**PROBLEM TO WORK ON**
Starting with the line containing "Definition uscale (k" and going on through the line containing "Definition preserves_ker (g", return the lines of the data below exactly, and only those.

Dataset records:
BEGIN
(* If $(L,\alpha_L)$ is an $\alpha$-perfect Hom-Leibniz algebra, then the map $\mathrm{Aut}(L,\alpha_L)\to\{g\in\mathrm{Aut}(\mathfrak{uce}_\alpha(L),\overline{\alpha}):g(\mathrm{Ker}\,U_\alpha)=\mathrm{Ker}\,U_\alpha\}$, $h\mapsto\mathfrak{uce}_\alpha(h)$, is a group isomorphism.
   Context: Hom-Leibniz algebras are multiplicative: $(L,\alpha_L)$ is a $\mathbb{K}$-vector space with bilinear bracket and linear $\alpha_L$ such that $[\alpha_L(x),[y,z]]=[[x,y],\alpha_L(z)]-[[x,z],\alpha_L(y)]$ and $\alpha_L[x,y]=[\alpha_L(x),\alpha_L(y)]$; homomorphisms preserve brackets and commute with structure maps; $\mathrm{Aut}$ denotes the group of bijective homomorphisms. $(L,\alpha_L)$ is $\alpha$-perfect if $L=[\alpha_L(L),\alpha_L(L)]$. For $\alpha$-perfect $(L,\alpha_L)$: $I_L\subseteq\alpha_L(L)\otimes\alpha_L(L)$ is spanned by $-[x_1,x_2]\otimes\alpha_L(x_3)+[x_1,x_3]\otimes\alpha_L(x_2)+\alpha_L(x_1)\otimes[x_2,x_3]$; $\mathfrak{uce}_\alpha(L)=(\alpha_L(L)\otimes\alpha_L(L))/I_L$ with classes $\{\alpha_L(x_1),\alpha_L(x_2)\}$, bracket $[\{a,b\},\{c,e\}]=\{[a,b],[c,e]\}$, endomorphism $\overline{\alpha}\{\alpha_L(x_1),\alpha_L(x_2)\}=\{\alpha_L^2(x_1),\alpha_L^2(x_2)\}$, and $U_\alpha:\mathfrak{uce}_\alpha(L)\to L$, $U_\alpha\{a,b\}=[a,b]$. For $h\in\mathrm{Aut}(L,\alpha_L)$, $\mathfrak{uce}_\alpha(h)\{\alpha_L(x_1),\alpha_L(x_2)\}=\{\alpha_L(h(x_1)),\alpha_L(h(x_2))\}$. *)

(* Hom-Leibniz algebras over a field K, and the
   alpha-universal central extension uce_alpha(L) = (alpha(L) (x) alpha(L)) / I_L,
   built as the textbook quotient of the free vector space on alpha(L) x alpha(L)
   by the bilinearity relations and the generators of I_L. *)
From HB Require Import structures.
From mathcomp Require Import all_boot all_order all_algebra.
From Stdlib Require Import ClassicalEpsilon.
Set Implicit Arguments. Unset Strict Implicit. Unset Printing Implicit Defensive.
Import Order.TTheory GRing.Theory Num.Theory.
Local Open Scope ring_scope.

Section HomLeibniz.
Variables (K : fieldType) (L : lmodType K) (br : L -> L -> L) (al : L -> L).

Definition lin (f : L -> L) : Prop :=
  forall (a : K) (u v : L), f (a *: u + v) = a *: f u + f v.

Definition hom_leibniz : Prop :=
  [/\ (forall x, lin (br x)), (forall y, lin (fun x => br x y)), lin al,
      (forall x y z, br (al x) (br y z) = br (br x y) (al z) - br (br x z) (al y))
    & (forall x y, al (br x y) = br (al x) (al y))].

Definition alpha_perfect : Prop :=
  forall z : L, exists s : seq (K * (L * L)),
    z = \sum_(t <- s) t.1 *: br (al t.2.1) (al t.2.2).

Definition hom_L (h : L -> L) : Prop :=
  [/\ lin h, (forall x y, h (br x y) = br (h x) (h y)) & (forall x, h (al x) = al (h x))].
Definition aut_L (h : L -> L) : Prop := hom_L h /\ bijective h.

(* Formal sums: a term (c, (x, y)) stands for c . (alpha x (x) alpha y),
   so formal sums range exactly over the free space on alpha(L) x alpha(L). *)
Definition FS := seq (K * (L * L)).

Definition coef (s : FS) (p : L * L) : K :=
  \sum_(t <- s | (al t.2.1, al t.2.2) == p) t.1.

Definition scale_fs (k : K) (s : FS) : FS := [seq (k * t.1, t.2) | t <- s].

(* generators of the relations: bilinearity in each slot, and the generators
   -[x1,x2] (x) alpha x3 + [x1,x3] (x) alpha x2 + alpha x1 (x) [x2,x3] of I_L
   (with [x1,x2] = alpha w1 etc., i.e. the generators lying in
   alpha(L) (x) alpha(L)). *)
Definition rel_gen (g : FS) : Prop :=
  (exists (c : K) (x x' y : L),
      g = [:: (1, (c *: x + x', y)); (- c, (x, y)); (-1, (x', y))]) \/
  (exists (c : K) (x y y' : L),
      g = [:: (1, (x, c *: y + y')); (- c, (x, y)); (-1, (x, y'))]) \/
  (exists x1 x2 x3 w1 w2 w3 : L,
      [/\ al w1 = br x1 x2, al w2 = br x1 x3, al w3 = br x2 x3 &
      g = [:: (-1, (w1, x3)); (1, (w2, x2)); (1, (x1, w3))]]).

Definition in_rel (s : FS) : Prop :=
  exists gs : seq (K * FS), List.Forall (fun u => rel_gen u.2) gs /\
    coef s = coef (flatten [seq scale_fs u.1 u.2 | u <- gs]).

Definition fs_equiv (s t : FS) : Prop := in_rel (s ++ scale_fs (-1) t).

Definition uce := {P : FS -> Prop | exists s : FS, P = fs_equiv s}.

Definition ucls (s : FS) : uce :=
  exist (fun P => exists s0 : FS, P = fs_equiv s0) (fs_equiv s) (ex_intro _ s erefl).

Definition urepr (c : uce) : FS :=
  proj1_sig (constructive_indefinite_description _ (proj2_sig c)).

(* {alpha x1, alpha x2} *)
Definition ugen (x1 x2 : L) : uce := ucls [:: (1, (x1, x2))].

Definition uadd (c d : uce) : uce := ucls (urepr c ++ urepr d).
Definition uscale (k : K) (c : uce) : uce := ucls (scale_fs k (urepr c)).
Definition uzero : uce := ucls [::].

(* bracket [{a,b},{c,e}] = {[a,b],[c,e]}, extended bilinearly
   ({alpha x1,alpha x2} |-> [alpha x1, alpha x2] = alpha [x1,x2]) *)
Definition ubr (c d : uce) : uce :=
  ucls [seq (t.1 * u.1, (br t.2.1 t.2.2, br u.2.1 u.2.2)) | t <- urepr c, u <- urepr d].

(* alpha-bar {alpha x1, alpha x2} = {alpha^2 x1, alpha^2 x2} *)
Definition ualpha (c : uce) : uce :=
  ucls [seq (t.1, (al t.2.1, al t.2.2)) | t <- urepr c].

Definition Ualpha (c : uce) : L :=
  \sum_(t <- urepr c) t.1 *: br (al t.2.1) (al t.2.2).

(* uce_alpha(h) {alpha x1, alpha x2} = {alpha (h x1), alpha (h x2)} *)
Definition uce_map (h : L -> L) (c : uce) : uce :=
  ucls [seq (t.1, (h t.2.1, h t.2.2)) | t <- urepr c].

Definition aut_uce (g : uce -> uce) : Prop :=
  [/\ (forall (a : K) (u v : uce), g (uadd (uscale a u) v) = uadd (uscale a (g u)) (g v)),
      (forall c d, g (ubr c d) = ubr (g c) (g d)),
      (forall c, g (ualpha c) = ualpha (g c))
    & bijective g].

Definition preserves_ker (g : uce -> uce) : Prop :=
  forall d : uce, Ualpha d = 0 <-> exists c : uce, Ualpha c = 0 /\ g c = d.

End HomLeibniz.

Arguments hom_leibniz {K L} br al.
Arguments alpha_perfect {K L} br al.
Arguments hom_L {K L} br al h.
Arguments aut_L {K L} br al h.
Arguments uce_map {K L} br al h c.
Arguments aut_uce {K L br al} g.
Arguments preserves_ker {K L br al} g.

From Pilot Require Import Defs.
From HB Require Import structures.
From mathcomp Require Import all_boot all_order all_algebra.
From mathcomp Require Import ring.
From Stdlib Require Import FunctionalExtensionality PropExtensionality.
From Stdlib Require Import ProofIrrelevance ClassicalEpsilon.
Set Implicit Arguments. Unset Strict Implicit. Unset Printing Implicit Defensive.
Import GRing.Theory.
Local Open Scope ring_scope.

(* Every evaluation of a
   formal sum through alpha x alpha depends only on its coefficients; with the
   Hom-Leibniz identity this makes U_alpha well defined, and for a homomorphism h
   it makes uce_alpha(h) well defined.  Bilinearity of the relations shows that
   the bracket of uce_alpha(L) only depends on the U_alpha-images of its
   arguments, and alpha-perfectness makes U_alpha surjective.
   The theorem then follows: uce_alpha is functorial, so uce_alpha(h) is an
   automorphism with inverse uce_alpha(h^-1); U_alpha o uce_alpha(h) = h o U_alpha
   gives injectivity; and a kernel-stabilising automorphism g descends along
   U_alpha to an automorphism h of L with uce_alpha(h) = g, because both agree
   on the generators {alpha x, alpha y} = [{..}, {..}]. *)

Section UceAlpha.
Variables (K : fieldType) (L : lmodType K) (br : L -> L -> L) (al : L -> L).

Local Notation FS := (FS (K:=K) L).
Local Notation coef := (coef al).
Local Notation pi t := (al t.2.1, al t.2.2).

Lemma coef_nil p : coef [::] p = 0.
Proof. by rewrite /Defs.coef big_nil. Qed.

Lemma coef_cons t s p : coef (t :: s) p = (if pi t == p then t.1 else 0) + coef s p.
Proof. by rewrite /Defs.coef big_cons; case: ifP => _; rewrite ?add0r. Qed.

Lemma coef_cat s t p : coef (s ++ t) p = coef s p + coef t p.
Proof. by rewrite /Defs.coef big_cat. Qed.

Lemma coef_scale k s p : coef (scale_fs k s) p = k * coef s p.
Proof.
elim: s => [|t s IH]; first by rewrite /= coef_nil mulr0.
by rewrite /= !coef_cons IH mulrDr; case: ifP => _; rewrite ?mulr0.
Qed.

Lemma coef_lincomb (gs : seq (K * FS)) p :
  coef (flatten [seq scale_fs u.1 u.2 | u <- gs]) p = \sum_(u <- gs) u.1 * coef u.2 p.
Proof.
elim: gs => [|u gs IH]; first by rewrite /= coef_nil big_nil.
by rewrite /= coef_cat IH coef_scale big_cons.
Qed.

Definition relspan (f : L * L -> K) : Prop :=
  exists gs : seq (K * FS), List.Forall (fun u => rel_gen br al u.2) gs /\
    f = coef (flatten [seq scale_fs u.1 u.2 | u <- gs]).

Lemma relspan_ext f g : relspan f -> f =1 g -> relspan g.
Proof. by move=> Hf /functional_extensionality <-. Qed.

Lemma relspan0 : relspan (fun _ => 0).
Proof.
exists [::]; split => //; apply: functional_extensionality => p; by rewrite coef_nil.
Qed.

Lemma relspanD f g : relspan f -> relspan g -> relspan (fun p => f p + g p).
Proof.
move=> [gs [Fg ->]] [hs [Fh ->]]; exists (gs ++ hs); split; first exact/List.Forall_app.
by apply: functional_extensionality => p; rewrite map_cat flatten_cat coef_cat.
Qed.

Lemma relspanZ k f : relspan f -> relspan (fun p => k * f p).
Proof.
move=> [gs [F ->]]; exists [seq (k * u.1, u.2) | u <- gs]; split.
  by elim: gs F => [|u gs IH] //= F; inversion F; constructor => //; apply: IH.
apply: functional_extensionality => p; rewrite !coef_lincomb big_map mulr_sumr.
by apply: eq_bigr => u _; rewrite mulrA.
Qed.

Lemma relspan_gen g : rel_gen br al g -> relspan (coef g).
Proof.
move=> Hg; exists [:: (1, g)]; split; first by constructor.
by apply: functional_extensionality => p; rewrite coef_lincomb big_seq1 mul1r.
Qed.

Definition eqv (s t : FS) : Prop := relspan (fun p => coef s p - coef t p).

Lemma fs_equivE s t : fs_equiv br al s t <-> eqv s t.
Proof.
by rewrite /fs_equiv /in_rel -/(relspan _); split => H; apply: relspan_ext H _ => p;
  rewrite coef_cat coef_scale mulN1r.
Qed.

Lemma eqv_diff s t : eqv s t <-> relspan (coef (s ++ scale_fs (-1) t)).
Proof. exact: iff_sym (fs_equivE s t). Qed.

Lemma eqv_coef s t : coef s =1 coef t -> eqv s t.
Proof. by move=> E; apply: relspan_ext relspan0 _ => p; rewrite E subrr. Qed.

Lemma eqv_refl s : eqv s s.
Proof. exact: eqv_coef. Qed.

Lemma eqv_sym s t : eqv s t -> eqv t s.
Proof. by move=> /(relspanZ (-1)) H; apply: relspan_ext H _ => p; ring. Qed.

Lemma eqv_trans s t u : eqv s t -> eqv t u -> eqv s u.
Proof. by move=> H1 H2; apply: relspan_ext (relspanD H1 H2) _ => p; ring. Qed.

Lemma eqv_cat s s' t t' : eqv s s' -> eqv t t' -> eqv (s ++ t) (s' ++ t').
Proof.
by move=> H1 H2; apply: relspan_ext (relspanD H1 H2) _ => p; rewrite !coef_cat; ring.
Qed.

Lemma eqv_scale k s t : eqv s t -> eqv (scale_fs k s) (scale_fs k t).
Proof. by move=> /(relspanZ k) H; apply: relspan_ext H _ => p; rewrite !coef_scale; ring. Qed.

Lemma eqv_rel g s t : rel_gen br al g -> coef g =1 (fun p => coef s p - coef t p) -> eqv s t.
Proof. by move=> /relspan_gen Hg E; apply: relspan_ext Hg _. Qed.

Ltac coefs := move=> ?; rewrite ?coef_cons ?coef_nil /=; repeat case: ifP => _; ring.

Lemma eqv_linl c x x' y : eqv [:: (1, (c *: x + x', y))] [:: (c, (x, y)); (1, (x', y))].
Proof. by apply: (@eqv_rel [:: (1, (c *: x + x', y)); (- c, (x, y)); (-1, (x', y))]);
  [left; exists c, x, x', y | coefs]. Qed.

Lemma eqv_linr c x y y' : eqv [:: (1, (x, c *: y + y'))] [:: (c, (x, y)); (1, (x, y'))].
Proof. by apply: (@eqv_rel [:: (1, (x, c *: y + y')); (- c, (x, y)); (-1, (x, y'))]);
  [right; left; exists c, x, y, y' | coefs]. Qed.

Lemma eqv_zerol y : eqv [::] [:: (1, (0, y))].
Proof. by apply: (@eqv_rel [:: (1, (1 *: 0 + 0, y)); (- 1, (0, y)); (-1, (0, y))]);
  [left; exists 1, 0, 0, y | rewrite scale1r addr0; coefs]. Qed.

Lemma eqv_zeror x : eqv [::] [:: (1, (x, 0))].
Proof. by apply: (@eqv_rel [:: (1, (x, 1 *: 0 + 0)); (- 1, (x, 0)); (-1, (x, 0))]);
  [right; left; exists 1, x, 0, 0 | rewrite scale1r addr0; coefs]. Qed.

Lemma eqv_collectl (s : seq (K * L)) y :
  eqv [seq (u.1, (u.2, y)) | u <- s] [:: (1, (\sum_(u <- s) u.1 *: u.2, y))].
Proof.
elim: s => [|[k x] s IH]; first by rewrite big_nil; exact: eqv_zerol.
rewrite big_cons; apply: eqv_trans (eqv_cat (eqv_refl [:: (k, (x, y))]) IH) _.
exact/eqv_sym/eqv_linl.
Qed.

Lemma eqv_collectr (s : seq (K * L)) x :
  eqv [seq (u.1, (x, u.2)) | u <- s] [:: (1, (x, \sum_(u <- s) u.1 *: u.2))].
Proof.
elim: s => [|[k y] s IH]; first by rewrite big_nil; exact: eqv_zeror.
rewrite big_cons; apply: eqv_trans (eqv_cat (eqv_refl [:: (k, (x, y))]) IH) _.
exact/eqv_sym/eqv_linr.
Qed.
END
**YOUR SOLUTION**
Definition uscale (k : K) (c : uce) : uce := ucls (scale_fs k (urepr c)).
Definition uzero : uce := ucls [::].

(* bracket [{a,b},{c,e}] = {[a,b],[c,e]}, extended bilinearly
   ({alpha x1,alpha x2} |-> [alpha x1, alpha x2] = alpha [x1,x2]) *)
Definition ubr (c d : uce) : uce :=
  ucls [seq (t.1 * u.1, (br t.2.1 t.2.2, br u.2.1 u.2.2)) | t <- urepr c, u <- urepr d].

(* alpha-bar {alpha x1, alpha x2} = {alpha^2 x1, alpha^2 x2} *)
Definition ualpha (c : uce) : uce :=
  ucls [seq (t.1, (al t.2.1, al t.2.2)) | t <- urepr c].

Definition Ualpha (c : uce) : L :=
  \sum_(t <- urepr c) t.1 *: br (al t.2.1) (al t.2.2).

(* uce_alpha(h) {alpha x1, alpha x2} = {alpha (h x1), alpha (h x2)} *)
Definition uce_map (h : L -> L) (c : uce) : uce :=
  ucls [seq (t.1, (h t.2.1, h t.2.2)) | t <- urepr c].

Definition aut_uce (g : uce -> uce) : Prop :=
  [/\ (forall (a : K) (u v : uce), g (uadd (uscale a u) v) = uadd (uscale a (g u)) (g v)),
      (forall c d, g (ubr c d) = ubr (g c) (g d)),
      (forall c, g (ualpha c) = ualpha (g c))
    & bijective g].

Definition preserves_ker (g : uce -> uce) : Prop :=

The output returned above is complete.